*WORK REQUIRED:*
Below are some records; output exactly the lines from the line with "End call_payoff." to the line with "0 < EC -> u - K", both ends kept, and nothing more.

*EXERCISE DATA:*
BEGIN
(* Let $S(0)>0$, $\sigma>0$, $T>0$, $K>0$, and real numbers $r<\mu$. Let $S(T)=S(0)e^{\mu T-\frac12\sigma^2T+\sigma\sqrt T Z}$ with $Z\sim N(0,1)$ under $P$, and $C(T)=(S(T)-K)^+$. For $x\in[0,1)$ let $C_x=e^{-rT}\big(\mathbb{E}_P(C(T))-\tfrac12xS(0)(e^{\mu T}-e^{rT})\big)$ and $$d_1=\frac{1}{\sigma\sqrt T}\Big(\ln\frac{(xS(0)-C_x)e^{rT}}{S(0)x}-\mu T+\tfrac12\sigma^2T\Big),\quad d=\frac{1}{\sigma\sqrt T}\Big(\ln\frac{K}{S(0)}-\mu T+\tfrac12\sigma^2T\Big),$$ $$d_2=\frac{1}{\sigma\sqrt T}\Big(\ln\frac{K+(C_x-xS(0))e^{rT}}{S(0)(1-x)}-\mu T+\tfrac12\sigma^2T\Big),$$ with the convention $d_1=-\infty$ whenever $x=0$ or $xS(0)-C_x\le0$. Then $d_1<d<d_2$.
   Context: The paper assumes $\mu>r$ throughout; $\mathbb{E}_P$ is expectation under the physical measure $P$. *)

From HB Require Import structures.
From mathcomp Require Import all_boot all_order all_algebra.
From mathcomp Require Import all_classical all_reals all_analysis.
Set Implicit Arguments. Unset Strict Implicit. Unset Printing Implicit Defensive.
Import Order.TTheory GRing.Theory Num.Theory.
Local Open Scope ring_scope.

Section defs.
Variable R : realType.

Definition stock_T (S0 mu sigma Tm z : R) : R :=
  S0 * expR (mu * Tm - 2^-1 * sigma ^+ 2 * Tm + sigma * Num.sqrt Tm * z).

Definition call_payoff (S0 mu sigma Tm K z : R) : R :=
  Num.max (stock_T S0 mu sigma Tm z - K) 0.

(* C_x = e^{-rT} (E_P[C(T)] - x S(0)(e^{mu T} - e^{r T})/2), EC = E_P[C(T)] *)
Definition Cx (EC S0 mu r Tm x : R) : R :=
  expR (- r * Tm) * (EC - 2^-1 * x * S0 * (expR (mu * Tm) - expR (r * Tm))).

Definition dfun (sigma mu Tm a : R) : R :=
  (sigma * Num.sqrt Tm)^-1 * (ln a - mu * Tm + 2^-1 * sigma ^+ 2 * Tm).

End defs.

(* Since dfun is increasing in its last argument, everything reduces to
   comparing a1 := (x S0 - C_x) e^{rT} / (S0 x) and a2 with K / S0.  With
   u := S0 e^{mu T}, v := S0 e^{rT} and M := E[C(T)] - x ((u + v) / 2 - K) one
   has K / S0 - a1 = M / (S0 x) and a2 - K / S0 = M / (S0 (1 - x)), so it
   suffices that M > 0.  This follows from v < u, 0 <= x < 1 and the two bounds
   0 < E[C(T)] and u - K <= E[C(T)]: the second because (s - K)^+ >= s - K and
   E[S(T)] = u by the Gaussian moment generating function, the first because
   the payoff is at least 1 on an interval where the Gaussian density is
   bounded below. *)

From HB Require Import structures.
From mathcomp Require Import all_boot all_order all_algebra.
From mathcomp Require Import all_classical all_reals all_analysis.
From mathcomp Require Import ring lra measurable_realfun.
Import Order.TTheory GRing.Theory Num.Theory.
Local Open Scope ring_scope.

Section normal_density.
Context {R : realType}.
Local Notation mu := (@lebesgue_measure R).
Implicit Types m s x y c : R.

Lemma normal_pdf_gt0 m s x : s != 0 -> 0 < normal_pdf m s x.
Proof.
by move=> s0; rewrite /normal_pdf (negbTE s0) mulr_gt0 ?expR_gt0 ?normal_peak_gt0.
Qed.

Lemma le_normal_pdf m s x y : s != 0 -> m <= x -> x <= y ->
  normal_pdf m s y <= normal_pdf m s x.
Proof.
move=> s0 mx xy; rewrite /normal_pdf (negbTE s0) ler_wpM2l ?normal_peak_ge0//.
rewrite ler_expR !mulNr lerN2 ler_wpM2r ?invr_ge0 ?mulrn_wge0 ?sqr_ge0//.
by rewrite ler_sqr ?nnegrE ?subr_ge0 ?(le_trans mx)// lerD2r.
Qed.

Lemma expR_mul_normal_pdf m s c x : s != 0 ->
  expR (c * x) * normal_pdf m s x =
  expR (c * m + c ^+ 2 * s ^+ 2 / 2) * normal_pdf (m + c * s ^+ 2) s x.
Proof.
move=> s0; rewrite /normal_pdf (negbTE s0) /normal_fun.
by rewrite [LHS]mulrCA [RHS]mulrCA -!expRD; congr (_ * expR _); field.
Qed.

Lemma normal_mgf m s c : s != 0 ->
  (\int[mu]_x (expR (c * x) * normal_pdf m s x)%:E =
   (expR (c * m + c ^+ 2 * s ^+ 2 / 2))%:E)%E.
Proof.
move=> s0; under eq_integral do rewrite expR_mul_normal_pdf// EFinM.
rewrite ge0_integralZl//=.
- by rewrite integral_normal_pdf mule1.
- by apply/measurable_EFinP; exact: measurable_normal_pdf.
- by move=> x _; rewrite lee_fin normal_pdf_ge0.
Qed.

Lemma ge0_integral_normal_prob m s (f : R -> \bar R) :
  measurable_fun setT f -> (forall x, 0 <= f x)%E ->
  (\int[normal_prob m s]_x f x = \int[mu]_x (f x * (normal_pdf m s x)%:E))%E.
Proof.
move=> mf f0; have numu := @normal_prob_dominates R m s.
rewrite -(Radon_Nikodym_SigmaFinite.change_of_variables numu)//.
have mpdf : measurable_fun setT (fun x => (normal_pdf m s x)%:E).
  by apply/measurable_EFinP; exact: measurable_normal_pdf.
have mRN := measurable_int _ (Radon_Nikodym_SigmaFinite.f_integrable numu).
apply: ae_eq_integral => //; [exact: emeasurable_funM|exact: emeasurable_funM|].
apply: ae_eqe_mul2l; apply: integral_ae_eq => //.
- exact: Radon_Nikodym_SigmaFinite.f_integrable.
- by move=> E _ mE; rewrite -Radon_Nikodym_SigmaFinite.f_integral.
Qed.

End normal_density.

Lemma ge0_expectation_normal {R : realType} {d} {T : measurableType d}
    {P : probability T R} {Z : {RV P >-> R}} {m s : R} {f : R -> R} :
  (distribution P Z : set R -> \bar R) = normal_prob m s ->
  measurable_fun setT f -> (forall z, 0 <= f z) ->
  ('E_P[f \o Z] = \int[lebesgue_measure]_z (f z * normal_pdf m s z)%:E)%E.
Proof.
move=> hZ mf f0; have mEf : measurable_fun setT (EFin \o f).
  exact/measurable_EFinP.
rewrite unlock; transitivity (\int[distribution P Z]_z (f z)%:E)%E.
  by rewrite ge0_integral_distribution// => z; rewrite lee_fin.
(* distribution P Z lives on the Borel sigma-algebra of R and normal_prob on
   the Lebesgue one: the pushforward along the identity mediates between them. *)
pose idR : measurableTypeR R -> R := idfun.
have midR : measurable_fun setT idR := @measurable_id _ _ setT.
transitivity (\int[pushforward (normal_prob m s) idR]_z (f z)%:E)%E.
  by apply: eq_measure_integral => A mA _; exact: (congr1 (fun nu => nu A) hZ).
rewrite ge0_integral_pushforward//; last by move=> z _; rewrite lee_fin.
by rewrite preimage_setT ge0_integral_normal_prob.
Qed.

Lemma ge0_integral_itv_lb {R : realType} (f : R -> R) (a b c : R) :
  measurable_fun setT f -> (forall x, 0 <= f x) -> 0 <= c -> a < b ->
  (forall x, a <= x <= b -> c <= f x) ->
  ((c * (b - a))%:E <= \int[lebesgue_measure]_x (f x)%:E)%E.
Proof.
move=> mf f0 c0 ab fc.
apply: (@le_trans _ _ (\int[lebesgue_measure]_(x in `[a, b]) (f x)%:E)%E); last first.
  by apply: ge0_subset_integral => // [|x _]; [exact/measurable_EFinP|rewrite lee_fin].
apply: (@le_trans _ _ (\int[lebesgue_measure]_(x in `[a, b]) c%:E)%E).
  by rewrite integral_cst//= lebesgue_measure_itv/= lte_fin ab -EFinD -EFinM.
apply: ge0_le_integral => //=; first exact/measurable_funTS/measurable_EFinP.
Qed.

Section call_payoff.
Context {R : realType}.
Variables (S0 mu sigma Tm K : R).
Local Notation stock := (stock_T S0 mu sigma Tm).
Local Notation payoff := (call_payoff S0 mu sigma Tm K).
Local Notation phi := (normal_pdf 0 1).

Lemma measurable_stock_T : measurable_fun setT stock.
Proof.
apply: measurable_funM => //; apply: measurableT_comp => //.
by apply: measurable_funD => //; apply: measurable_funM.
Qed.

Lemma measurable_call_payoff : measurable_fun setT payoff.
Proof.
by apply: measurable_maxr => //; apply: measurable_funB => //; exact: measurable_stock_T.
Qed.

Lemma call_payoff_ge0 z : 0 <= payoff z.
Proof. by rewrite /call_payoff le_max lexx orbT. Qed.

Lemma call_payoff_ge z : stock z - K <= payoff z.
Proof. by rewrite /call_payoff le_max lexx. Qed.

Let measurable_EFin_mul_pdf (f : R -> R) : measurable_fun setT f ->
  measurable_fun setT (fun z => (f z * phi z)%:E).
Proof.
by move=> mf; apply/measurable_EFinP/measurable_funM => //; exact: measurable_normal_pdf.
Qed.

Hypotheses (S0_gt0 : 0 < S0) (Tm_gt0 : 0 < Tm).

Lemma stock_T_ge0 z : 0 <= stock z.
Proof. by rewrite mulr_ge0 ?expR_ge0 ?ltW. Qed.

Lemma call_payoff_le z : 0 <= K -> payoff z <= stock z.
Proof. by move=> K0; rewrite /call_payoff ge_max stock_T_ge0 andbT gerBl. Qed.

Lemma integral_stock_T :
  (\int[lebesgue_measure]_z (stock z * phi z)%:E = (S0 * expR (mu * Tm))%:E)%E.
Proof.
under eq_integral do rewrite /stock_T expRD (mulrA S0) -mulrA EFinM.
rewrite ge0_integralZl//=; last 3 first.
- apply: measurable_EFin_mul_pdf.
  by apply: measurableT_comp => //; exact: measurable_funM.
- by move=> x _; rewrite lee_fin mulr_ge0 ?expR_ge0 ?normal_pdf_ge0.
- by rewrite lee_fin mulr_ge0 ?expR_ge0 ?ltW.
rewrite normal_mgf ?oner_eq0// -EFinM -(mulrA S0) -expRD; congr (EFin (_ * expR _)).
by rewrite exprMn sqr_sqrtr ?ltW//; field.
Qed.

Hypothesis sigma_gt0 : 0 < sigma.

Lemma stock_T_unbounded {B} : 0 < B ->
  exists2 a, 0 <= a & forall z, a <= z -> B <= stock z.
Proof.
move=> B_gt0; pose c := sigma * Num.sqrt Tm.
pose m := mu * Tm - 2^-1 * sigma ^+ 2 * Tm.
have c_gt0 : 0 < c by rewrite mulr_gt0 ?sqrtr_gt0.
exists (Num.max 0 ((ln (B / S0) - m) / c)); first by rewrite le_max lexx.
move=> z; rewrite ge_max => /andP[_]; rewrite ler_pdivrMr// => lnB_le.
rewrite -[B](divfK (lt0r_neq0 S0_gt0)) mulrC -[B / S0]lnK ?posrE ?divr_gt0//.
by rewrite ler_pM2l// ler_expR -/m -/c; lra.
Qed.

Hypothesis K_ge0 : 0 <= K.

Local Notation expected_payoff :=
  (\int[lebesgue_measure]_z (payoff z * phi z)%:E)%E.

Lemma expected_payoff_le : (expected_payoff <= (S0 * expR (mu * Tm))%:E)%E.
Proof.
rewrite -integral_stock_T; apply: ge0_le_integral => //.
- by move=> z _; rewrite lee_fin mulr_ge0 ?call_payoff_ge0 ?normal_pdf_ge0.
- apply: measurable_EFin_mul_pdf; exact: measurable_call_payoff.
- apply: measurable_EFin_mul_pdf; exact: measurable_stock_T.
- by move=> z _; rewrite lee_fin ler_wpM2r ?normal_pdf_ge0 ?call_payoff_le.
Qed.

Lemma expected_payoff_ge : ((S0 * expR (mu * Tm))%:E <= expected_payoff + K%:E)%E.
Proof.
have -> : K%:E = (\int[lebesgue_measure]_z (K * phi z)%:E)%E.
  under eq_integral do rewrite EFinM.
  rewrite ge0_integralZl//= ?integral_normal_pdf ?mule1//.
  - by apply/measurable_EFinP; exact: measurable_normal_pdf.
  - by move=> z _; rewrite lee_fin normal_pdf_ge0.
rewrite -integral_stock_T -ge0_integralD//; first last.
- apply: measurable_EFin_mul_pdf; exact: measurable_cst.
- by move=> z _; rewrite lee_fin mulr_ge0 ?normal_pdf_ge0.
- apply: measurable_EFin_mul_pdf; exact: measurable_call_payoff.
- by move=> z _; rewrite lee_fin mulr_ge0 ?call_payoff_ge0 ?normal_pdf_ge0.
apply: ge0_le_integral => //.
- by move=> z _; rewrite lee_fin mulr_ge0 ?stock_T_ge0 ?normal_pdf_ge0.
- apply: measurable_EFin_mul_pdf; exact: measurable_stock_T.
- by apply: emeasurable_funD; apply: measurable_EFin_mul_pdf;
    [exact: measurable_call_payoff|exact: measurable_cst].
- move=> z _; rewrite -EFinD lee_fin -mulrDl ler_wpM2r ?normal_pdf_ge0//.
  by rewrite -lerBlDr call_payoff_ge.
Qed.

Lemma expected_payoff_gt0 : (0 < expected_payoff)%E.
Proof.
have [a a_ge0 stock_ge] := stock_T_unbounded (ltr_pwDr ltr01 K_ge0).
have phi_gt0 := normal_pdf_gt0 0 1 (a + 1) (oner_neq0 R).
have a_lt : a < a + 1 by rewrite ltrDl.
have phi_le z : a <= z <= a + 1 -> phi (a + 1) <= payoff z * phi z.
  move=> /andP[az za]; rewrite -[leLHS]mul1r ler_pM ?ler01 ?(ltW phi_gt0)//.
    by have := call_payoff_ge z; have := stock_ge z az; lra.
  exact: le_normal_pdf (oner_neq0 R) (le_trans a_ge0 az) za.
apply: (lt_le_trans _ (ge0_integral_itv_lb (fun z => payoff z * phi z)
  _ _ _ _ _ (ltW phi_gt0) a_lt phi_le)).
- by rewrite lte_fin addrAC subrr add0r mulr1.
- by apply: measurable_funM; [exact: measurable_call_payoff|exact: measurable_normal_pdf].
- by move=> z; rewrite mulr_ge0 ?call_payoff_ge0 ?normal_pdf_ge0.
Qed.

Lemma expected_payoff_bounds : let EC := fine expected_payoff in
  0 < EC /\ S0 * expR (mu * Tm) - K <= EC.
Proof.
move: expected_payoff_le expected_payoff_ge expected_payoff_gt0.
case: expected_payoff => [EC||]//=; rewrite !lee_fin lte_fin => _ EC_ge EC_gt0.
by split; rewrite // lerBlDr.
Qed.

End call_payoff.

Lemma ltr_dfun {R : realType} (sigma mu Tm a b : R) :
  0 < sigma -> 0 < Tm -> 0 < a -> a < b -> dfun sigma mu Tm a < dfun sigma mu Tm b.
Proof.
move=> sigma_gt0 Tm_gt0 a_gt0 ab; rewrite /dfun ltr_pM2l ?invr_gt0 ?mulr_gt0 ?sqrtr_gt0//.
by rewrite !ltrD2r ltr_ln// posrE (lt_trans a_gt0 ab).
Qed.

Lemma Cx_compounded {R : realType} (EC S0 mu r Tm x : R) :
  (Cx EC S0 mu r Tm x - x * S0) * expR (r * Tm) =
  EC - x * (S0 * expR (mu * Tm) + S0 * expR (r * Tm)) / 2.
Proof.
by rewrite /Cx mulrBl mulrAC -expRD mulNr addNr expR0 mul1r; field.
Qed.

Lemma call_price_margin_gt0 {R : realFieldType} {EC u v K x : R} :
  0 < EC -> u - K <= EC -> v < u -> 0 <= x < 1 ->
  0 < EC - x * ((u + v) / 2 - K).
Proof. by move=> EC_gt0 EC_ge vu /andP[x_ge0 x_lt1]; nra. Qed.

Lemma dfun_bounds {R : realType} (EC S0 sigma Tm K mu r x : R) :
  0 < S0 -> 0 < sigma -> 0 < Tm -> 0 < K -> r < mu -> 0 <= x < 1 ->
  0 < EC -> S0 * expR (mu * Tm) - K <= EC ->
  let C := Cx EC S0 mu r Tm x in
  let d := dfun sigma mu Tm (K / S0) in
  let a2 := (K + (C - x * S0) * expR (r * Tm)) / (S0 * (1 - x)) in
  (0 < x -> 0 < x * S0 - C ->
     dfun sigma mu Tm ((x * S0 - C) * expR (r * Tm) / (S0 * x)) < d)
  /\ 0 < a2 /\ d < dfun sigma mu Tm a2.
Proof.
move=> S0_gt0 sigma_gt0 Tm_gt0 K_gt0 r_lt_mu x01 EC_gt0 EC_ge C d a2.
have x_lt1 : x < 1 by case/andP: x01.
have v_lt_u : S0 * expR (r * Tm) < S0 * expR (mu * Tm).
  by rewrite ltr_pM2l// ltr_expR ltr_pM2r.
have := call_price_margin_gt0 EC_gt0 EC_ge v_lt_u x01.
set M := EC - _ => M_gt0.
have KS0_gt0 : 0 < K / S0 by rewrite divr_gt0.
have a2E : a2 = K / S0 + M / (S0 * (1 - x)).
  rewrite /a2 Cx_compounded /M; field.
  by rewrite subr_eq0 gt_eqF ?lt0r_neq0.
have d_lt_a2 : K / S0 < a2.
  by rewrite a2E ltrDl divr_gt0 // mulr_gt0 // subr_gt0.
split; last by split; [exact: lt_trans d_lt_a2|exact: ltr_dfun].
move=> x_gt0 xS0_gt_C; apply: ltr_dfun => //.
  by apply: divr_gt0; rewrite mulr_gt0 ?expR_gt0.
have -> : (x * S0 - C) * expR (r * Tm) / (S0 * x) = K / S0 - M / (S0 * x).
  rewrite -opprB mulNr Cx_compounded /M; field.
  by rewrite lt0r_neq0 ?lt0r_neq0.
by rewrite gtrBl divr_gt0 ?mulr_gt0.
Qed.

Theorem mainTheorem3 (R : realType) (dsp : measure_display)
  (Omega : measurableType dsp) (P : probability Omega R)
  (Z : {RV P >-> R})
  (hZ : (distribution P Z : set R -> \bar R) = normal_prob 0 1)
  (S0 sigma Tm K mu r x : R) :
  0 < S0 -> 0 < sigma -> 0 < Tm -> 0 < K -> r < mu -> 0 <= x < 1 ->
  let EC := fine ('E_P[fun w => call_payoff S0 mu sigma Tm K (Z w)]) in
  let C := Cx EC S0 mu r Tm x in
  let d := dfun sigma mu Tm (K / S0) in
  let a2 := (K + (C - x * S0) * expR (r * Tm)) / (S0 * (1 - x)) in
  let d2 := dfun sigma mu Tm a2 in
  (* d1 = -oo unless x > 0 and x S(0) - C_x > 0; in that case d1 is finite: *)
  (0 < x -> 0 < x * S0 - C ->
     dfun sigma mu Tm ((x * S0 - C) * expR (r * Tm) / (S0 * x)) < d)
  /\ 0 < a2 /\ d < d2.
Proof.
move=> S0_gt0 sigma_gt0 Tm_gt0 K_gt0 r_lt_mu x01 EC.
have [EC_gt0 EC_ge] : 0 < EC /\ S0 * expR (mu * Tm) - K <= EC.
  rewrite /EC (ge0_expectation_normal hZ (measurable_call_payoff _ _ _ _ _)).
    by apply: expected_payoff_bounds => //; exact: ltW.
  exact: call_payoff_ge0.
exact: dfun_bounds.
Qed.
END
*RESULT BELOW:*
End call_payoff.

Lemma ltr_dfun {R : realType} (sigma mu Tm a b : R) :
  0 < sigma -> 0 < Tm -> 0 < a -> a < b -> dfun sigma mu Tm a < dfun sigma mu Tm b.
Proof.
move=> sigma_gt0 Tm_gt0 a_gt0 ab; rewrite /dfun ltr_pM2l ?invr_gt0 ?mulr_gt0 ?sqrtr_gt0//.
by rewrite !ltrD2r ltr_ln// posrE (lt_trans a_gt0 ab).
Qed.

Lemma Cx_compounded {R : realType} (EC S0 mu r Tm x : R) :
  (Cx EC S0 mu r Tm x - x * S0) * expR (r * Tm) =
  EC - x * (S0 * expR (mu * Tm) + S0 * expR (r * Tm)) / 2.
Proof.
by rewrite /Cx mulrBl mulrAC -expRD mulNr addNr expR0 mul1r; field.
Qed.

Lemma call_price_margin_gt0 {R : realFieldType} {EC u v K x : R} :
  0 < EC -> u - K <= EC -> v < u -> 0 <= x < 1 ->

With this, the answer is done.